By default, pandas shows you top and bottom 5 rows of a dataframe in jupyter, given that there are too many rows to display:
>>> df.shape
(100, 4)
col0 | col1 | col2 | col3 | |
---|---|---|---|---|
0 | 7 | 17 | 15 | 2 |
1 | 6 | 5 | 5 | 12 |
2 | 10 | 15 | 5 | 15 |
3 | 6 | 19 | 19 | 14 |
4 | 12 | 7 | 4 | 12 |
... | ... | ... | ... | ... |
95 | 2 | 14 | 8 | 16 |
96 | 8 | 8 | 5 | 16 |
97 | 6 | 8 | 9 | 1 |
98 | 1 | 5 | 10 | 15 |
99 | 15 | 9 | 1 | 18 |
I know that this setting exists:
pd.set_option("display.max_rows", 20)
however, that yields the same result. Using df.head(10)
and df.tail(10)
in to consecutive cells is an option, but less clean. Same goes for concatenation. Is there another pandas setting like display.max_row
for this default view? How can I expand this to let's say the top and bottom 10?

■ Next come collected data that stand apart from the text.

Definition krasner_hyperring : Prop :=
  canonical_mary_hypergroup /\
  (forall s t, size s = n -> Permutation s t -> k s = k t) /\
  (forall x : seq H, size x = (2 * n - 1)%N -> forall i j, i < n -> j < n ->
     k (take i x ++ [:: k (take n (drop i x))] ++ drop (i + n) x) =
     k (take j x ++ [:: k (take n (drop j x))] ++ drop (j + n) x)) /\
  (forall (us xs : seq H) i, size us = n -> size xs = m -> i < n ->
     forall w, (exists y, h xs y /\ w = k (set_nth zr us i y)) <->
               h (map (fun x => k (set_nth zr us i x)) xs) w) /\
  (forall us, size us = (n - 1)%N -> k (zr :: us) = zr) /\
  (forall u, k (u :: nseq (n - 1) one) = u).

Definition subhypergroup (I : H -> Prop) : Prop :=
  (forall s, size s = m -> (forall j, j < m -> I (nth zr s j)) -> forall w, h s w -> I w) /\
  (forall s, size s = m -> (forall j, j < m -> I (nth zr s j)) -> forall i, i < m ->
     forall w, I w <-> exists y, I y /\ h (set_nth zr s i y) w).

Definition hyperideal (I : H -> Prop) : Prop :=
  (exists x, I x) /\ subhypergroup I /\
  (forall us i x, size us = n -> i < n -> I x -> I (k (set_nth zr us i x))).

Definition proper_subset (I : H -> Prop) : Prop := exists u, ~ I u.

Definition endomorphism (th : H -> H) : Prop :=
  (forall us, size us = m -> forall w,
     (exists y, h us y /\ w = th y) <-> h (map th us) w) /\
  (forall us, size us = n -> th (k us) = k (map th us)) /\
  th one = one.

Definition nary_prime (P : H -> Prop) : Prop :=
  hyperideal P /\ proper_subset P /\
  forall us, size us = n -> P (k us) -> exists2 i, i < n & P (nth zr us i).

(* rad(E) = intersection of all n-ary prime hyperideals containing E
   (= H when there is none) *)
Definition rad (E : H -> Prop) : H -> Prop :=
  fun u => forall P, nary_prime P -> (forall x, E x -> P x) -> P u.

Definition endo_prime (th : H -> H) (E : H -> Prop) : Prop :=
  hyperideal E /\ proper_subset E /\
  forall us, size us = n -> E (k us) ->
    exists2 i, i < n & (E (nth zr us i) \/ E (th (k (set_nth zr us i one)))).

End Hyperring.

(* The radical rad(E) is the intersection of the n-ary primes above E, and the
   n-ary primes are exactly the hyperideals P with 1 \notin P that are prime for the
   binary product k(x, y, 1^(n-2)).  By Zorn's lemma, every multiplicative set S
   disjoint from E is avoided by some prime above E.  Suppose k(u_1^n) lies in
   rad(E) but no index witnesses the Endo-prime condition for rad(E).  Let S be
   the set of all k(v_1^n) such that every prime above E containing v_i, resp.
   theta(k(v_1^n)[v_i := 1]), also contains u_i, resp. theta(k(u_1^n)[u_i := 1]).
   S is multiplicative since theta preserves products, contains k(u_1^n), and is
   disjoint from E because E is Endo-prime; a prime above E avoiding S then
   cannot contain k(u_1^n), contradicting k(u_1^n) \in rad(E). *)

From Stdlib Require Import Sorting.Permutation Classical Lia.
From mathcomp Require Import all_boot zify.
From mathcomp Require classical_sets.

Set Implicit Arguments.
Unset Strict Implicit.
Unset Printing Implicit Defensive.

Lemma perm_set_nth (T : Type) (x0 y : T) (s : seq T) i : i < size s ->
  Permutation (set_nth x0 s i y) (y :: (take i s ++ drop i.+1 s)).
Proof.
move=> lt_i_s; rewrite set_nthE lt_i_s.
by apply: Permutation_sym; apply: Permutation_middle.
Qed.

Lemma nth_take_cat_dropS (T : Type) (x0 : T) (s : seq T) i j :
  nth x0 (take i s ++ drop i.+1 s) j = nth x0 s (if j < i then j else j.+1).
Proof.
elim: s i j => [|a s IHs] [|i] [|j] //=; rewrite ?nth_nil ?drop0 //.
by rewrite IHs ltnS; case: ifP.
Qed.

Lemma nseq_rcons (T : Type) (x : T) j : rcons (nseq j x) x = nseq j.+1 x.
Proof. by elim: j => //= j ->. Qed.

Lemma size_set_nth_lt (T : Type) (x0 y : T) (s : seq T) i :
  i < size s -> size (set_nth x0 s i y) = size s.
Proof. by move=> lt_i_s; rewrite size_set_nth; apply/maxn_idPr. Qed.

Section KrasnerHyperring.

Variables (H : Type) (m' n' : nat) (h : seq H -> H -> Prop) (k : seq H -> H)
          (zr one : H).
Local Notation M := m'.+2.
Local Notation N := n'.+2.
Hypothesis KR : krasner_hyperring M N h k zr one.

Let h_nonempty : forall s, size s = M -> exists w, h s w := KR.1.1.
Let h_perm : forall s t, size s = M -> Permutation s t ->
  forall w, h s w <-> h t w := KR.1.2.2.1.
Let inv_exists_unique := KR.1.2.2.2.2.2.1.
Let h_reversible := KR.1.2.2.2.2.2.2.
Let k_perm : forall s t, size s = N -> Permutation s t -> k s = k t := KR.2.1.
Let k_assoc := KR.2.2.1.
Let k_distr := KR.2.2.2.1.
Let k_zero := KR.2.2.2.2.1.
Let k_one : forall u, k (u :: nseq (N - 1) one) = u := KR.2.2.2.2.2.

(* By associativity, k is the n-fold iterate of this binary product. *)
Definition mul x y := k [:: x, y & nseq n' one].
Local Notation inv := (is_inv M h zr).

Lemma mulC x y : mul x y = mul y x.
Proof. by apply: k_perm; [rewrite /= size_nseq | apply: perm_swap]. Qed.

Lemma mulr1 x : mul x one = x.
Proof. by have := k_one x; rewrite subn1. Qed.

Lemma mul0r x : mul zr x = zr.
Proof. by apply: k_zero; rewrite /= size_nseq subn1. Qed.

Lemma k_cons a s : size s = n'.+1 -> k (a :: s) = mul a (k (one :: s)).
Proof.
move=> size_s.
have size_x : size ((a :: nseq n'.+1 one) ++ s) = 2 * N - 1.
  by rewrite size_cat /= size_nseq size_s; lia.
have x_split : (a :: nseq n'.+1 one) ++ s = (a :: nseq n' one) ++ one :: s.
  by rewrite -nseq_rcons /= cat_rcons.
have size_head j : size (a :: nseq j one) = j.+1 by rewrite /= size_nseq.
have := k_assoc size_x (i := 0) (j := n'.+1) isT (ltnSn _).
rewrite take0 drop0 add0n (take_size_cat _ (size_head _)) (drop_size_cat _ (size_head _)).
have -> : k (a :: nseq n'.+1 one) = a by have := k_one a; rewrite subn1.
rewrite x_split (take_size_cat _ (size_head _)) (drop_size_cat _ (size_head _)).
rewrite take_oversize /= ?size_s // drop_oversize; last first.
  by rewrite size_cat /= size_nseq size_s; lia.
rewrite /mul => ->; apply: k_perm; first by rewrite /= size_cat size_nseq addn1.
by constructor; rewrite -cat1s; apply: Permutation_app_comm.
Qed.

Lemma mulA a b c : mul a (mul b c) = mul (mul a b) c.
Proof.
have size_ab : size [:: a, b & nseq n' one] = N by rewrite /= size_nseq.
have size_bc : size (b :: rcons (nseq n' one) c) = N by rewrite /= size_rcons size_nseq.
have size_x : size ([:: a, b & nseq n' one] ++ c :: nseq n' one) = 2 * N - 1.
  by rewrite size_cat size_ab /= size_nseq; lia.
have x_split : [:: a, b & nseq n' one] ++ c :: nseq n' one =
               [:: a] ++ (b :: rcons (nseq n' one) c) ++ nseq n' one.
  by rewrite /= cat_rcons.
have := k_assoc size_x (i := 0) (j := 1) isT isT.
rewrite take0 drop0 add0n (take_size_cat _ size_ab) (drop_size_cat _ size_ab).
rewrite x_split (take_size_cat _ (_ : size [:: a] = 1)) //.
rewrite (drop_size_cat _ (_ : size [:: a] = 1)) // (take_size_cat _ size_bc).
rewrite add1n /= (drop_size_cat _ (_ : size (rcons _ c) = n'.+1)) ?size_rcons ?size_nseq //.
rewrite /mul => ->; congr k; congr cons; congr cons.
apply: k_perm => //.
by constructor; rewrite -cats1; apply: Permutation_cons_append.
Qed.

Lemma mulCA a b c : mul a (mul b c) = mul b (mul a c).
Proof. by rewrite mulA (mulC a b) -mulA. Qed.

Definition prod (s : seq H) := foldr mul one s.

Lemma prod_perm s t : Permutation s t -> prod s = prod t.
Proof. by elim=> //= [x s1 s2 _ -> | x y s1 | s1 s2 s3 _ -> _ ->] //; exact: mulCA. Qed.

Lemma k_prod s : size s = N -> k s = prod s.
Proof.
suff k_pad j t : j + size t = N -> k (nseq j one ++ t) = prod t.
  by move=> size_s; apply: (k_pad 0); rewrite size_s.
elim: t j => [|a t IHt] j /=.
  by rewrite addn0 cats0 => ->; have := k_one one; rewrite subn1.
move=> size_t; rewrite addnS in size_t.
rewrite (k_perm (t := a :: (nseq j one ++ t))); first last.
- by apply: Permutation_sym; apply: Permutation_middle.
- by rewrite size_cat size_nseq /= addnS.
rewrite k_cons; last by rewrite size_cat size_nseq; case: size_t.
by rewrite -(IHt j.+1) // addSn.
Qed.

Lemma prod_zip s t : size s = size t ->
  prod [seq mul p.1 p.2 | p <- zip s t] = mul (prod s) (prod t).
Proof.
elim: s t => [|x s IHs] [|y t] //=; first by rewrite mulr1.
by case=> /IHs ->; rewrite -!mulA (mulCA y).
Qed.
Lemma consec_cat_sep s1 u s2 w z : uniq (s1 ++ u :: s2) -> w \in s1 -> z \in s2 ->
  consec (s1 ++ u :: s2) w z = false.
Proof.
move=> us ws1 zs2; have zNs1 : z \notin s1 by apply: uniq_cat_notin us _; rewrite inE zs2 orbT.
have zNu : z != u by apply: contraTneq us => <-; rewrite cat_uniq /= zs2 !andbF.
rewrite consecE // !index_cat ws1 (negbTE zNs1) /= (eq_sym u z) (negbTE zNu).
have wlt : index w s1 < size s1 by rewrite index_mem.
apply/negbTE/and3P => -[_ _ /orP[] /eqP]; lia.
Qed.

End Consecutive.

Section InducedSubgraphs.
Variables (T : finType) (e : rel T).
Hypothesis e_sym : symmetric e.
Implicit Types (A C S : {set T}) (s : seq T).

Definition closed_in S A := forall w z, w \in A -> z \in S -> e w z -> z \in A.

(* [is_path_graph e C] unfolds to [exists s, path_order C s]. *)
Definition path_order C s := [/\ uniq s, forall x, (x \in s) = (x \in C) &
  forall x y, x \in C -> y \in C -> e x y = consec s x y].

Lemma induced_rel_sym S : symmetric (induced_rel e S).
Proof. by move=> x y; rewrite /induced_rel /= e_sym andbCA. Qed.

Lemma component_sub S x : component e S x \subset S.
Proof. by apply/subsetP => y; rewrite inE => /andP[]. Qed.

Lemma component_closed_in S x : closed_in S (component e S x).
Proof.
move=> w z; rewrite !inE => /andP[wS cxw] zS ewz; rewrite zS.
by apply: connect_trans cxw (connect1 _); rewrite /induced_rel /= wS zS.
Qed.
Lemma exists_paths_to_basis (R : rcfType) d k n (K : nat -> 'rV[R]_d -> Prop)
    (V : 'M[R]_d) (E : 'M[R]_(k, d)) (h r rho s : R) :
  E *m E^T = 1%:M -> (E :=: orthc V)%MS -> 0 <= rho -> `|s| = 1 ->
  (forall theta : 'rV[R]_d, (theta <= orthc V)%MS -> enorm theta = rho ->
     exists y, (cylinder V h y /\ exists z, z n = y /\ feasible_path K V h r n z) /\
       is_orth_proj (orthc V) y theta) ->
  exists z : 'I_k -> nat -> 'rV[R]_d, forall l,
    feasible_path K V h r n (z l) /\ z l n *m E^T = (s * rho) *: delta_mx 0 l.
Proof.
move=> EE EV rho_ge0 s1 reach.
suff /fin_all_exists : forall l, exists z : nat -> 'rV[R]_d,
  feasible_path K V h r n z /\ z n *m E^T = (s * rho) *: delta_mx 0 l by [].
move=> l.
have theta_sub : ((s * rho) *: row l E <= orthc V)%MS by rewrite scalemx_sub // -EV row_sub.
have theta_norm : enorm ((s * rho) *: row l E) = rho.
  by rewrite enormZ (enorm_basis EE) mulr1 normrM s1 mul1r ger0_norm.
have [y [[_ [z [zn z_feasible]]] y_proj]] := reach _ theta_sub theta_norm.
exists z; split => //.
by rewrite zn (is_orth_proj_orthc_coord EV y_proj) -scalemxAl basis_coord.
Qed.

(* Indices t = 1..T of the paper are shifted to t = 0..T-1. *)
Theorem lemma9 (R : rcfType) (d k T : nat) (r gamma' gamma : R)
  (K : nat -> 'rV[R]_d -> Prop) (V : 'M[R]_d) :
  (1 <= k)%N -> (k <= d)%N ->
  0 < r -> 0 <= gamma' -> (12 * k)%:R <= gamma ->
  (forall t, (t < T)%N -> convex_set (K t)) ->
  \rank V = (d - k)%N ->
  let C := fun y : 'rV[R]_d =>
    exists w, is_orth_proj V y w /\ enorm w <= gamma' * r in
  let Omega := fun y : 'rV[R]_d =>
    C y /\ exists ys : nat -> 'rV[R]_d,
      ys T.-1 = y /\
      (forall t, (t < T)%N -> K t (ys t) /\ C (ys t)) /\
      \sum_(0 <= t < T.-1) enorm (ys t - ys t.+1) <= r in
  (forall theta : 'rV[R]_d, (theta <= orthc V)%MS -> enorm theta = gamma * r ->
     exists y, Omega y /\ is_orth_proj (orthc V) y theta) ->
  exists Y : nat -> 'rV[R]_d,
    (forall t, (t < T)%N -> K t (Y t) /\ (Y t <= V)%MS) /\
    \sum_(0 <= t < T.-1) enorm (Y t - Y t.+1)
      <= (1 + (2 + 4 * gamma') / gamma * k%:R) * r.
Proof.
move=> k_gt0 k_le_d r_gt0 g'_ge0 g_ge K_convex rkV.
have g_gt0 : 0 < gamma by apply: lt_le_trans g_ge; rewrite ltr0n muln_gt0.
case: T K_convex => [|n] K_convex C Omega reach /=.
  exists (fun=> 0); split => //; rewrite big_geq //.
  have slope_ge0 : 0 <= (2 + 4 * gamma') / gamma * k%:R.
    by rewrite mulr_ge0 ?divr_ge0 ?addr_ge0 ?mulr_ge0 ?ler0n // ltW.
  by rewrite mulr_ge0 ?addr_ge0 // ltW.
have rk_orthc : \rank (orthc V) = k by rewrite mxrank_orthc rkV subKn.
have [E [EE EV]] := orthonormal_basis rk_orthc.
have rho_ge0 : 0 <= gamma * r by rewrite mulr_ge0 ?ltW.
have [zp zp_ok] := exists_paths_to_basis EE EV rho_ge0 (normr1 _) reach.
have [zm zm_ok] := exists_paths_to_basis EE EV rho_ge0 (normrN1 _) reach.
apply: (exists_path_in_V (E := E) (zp := zp) (zm := zm)) => //.
- by apply: le_trans g_ge; rewrite ler_nat leq_mul2r ?k_gt0 orbT.
- by move=> l; have [] := zp_ok l.
- by move=> l; have [] := zm_ok l.
- by move=> l; have [_ ->] := zp_ok l; rewrite mul1r.
- by move=> l; have [_ ->] := zm_ok l; rewrite mulN1r.
Qed.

CodePudding user response:
IIUC, use display.min_rows
:
pd.set_option("display.min_rows", 20)
print(df)
# Output:
0 1 2 3
0 18 8 12 2
1 2 13 13 14
2 8 7 9 2
3 17 19 9 3
4 14 18 12 3
5 11 5 9 18
6 4 5 12 3
7 12 8 2 7
8 11 2 14 13
9 6 6 3 6
.. .. .. .. ..
90 8 2 1 9
91 7 19 4 6
92 4 3 17 12
93 19 6 5 18
94 3 5 15 5
95 16 3 13 13
96 11 3 18 8
97 1 9 18 4
98 13 10 18 15
99 16 3 5 9
[100 rows x 4 columns]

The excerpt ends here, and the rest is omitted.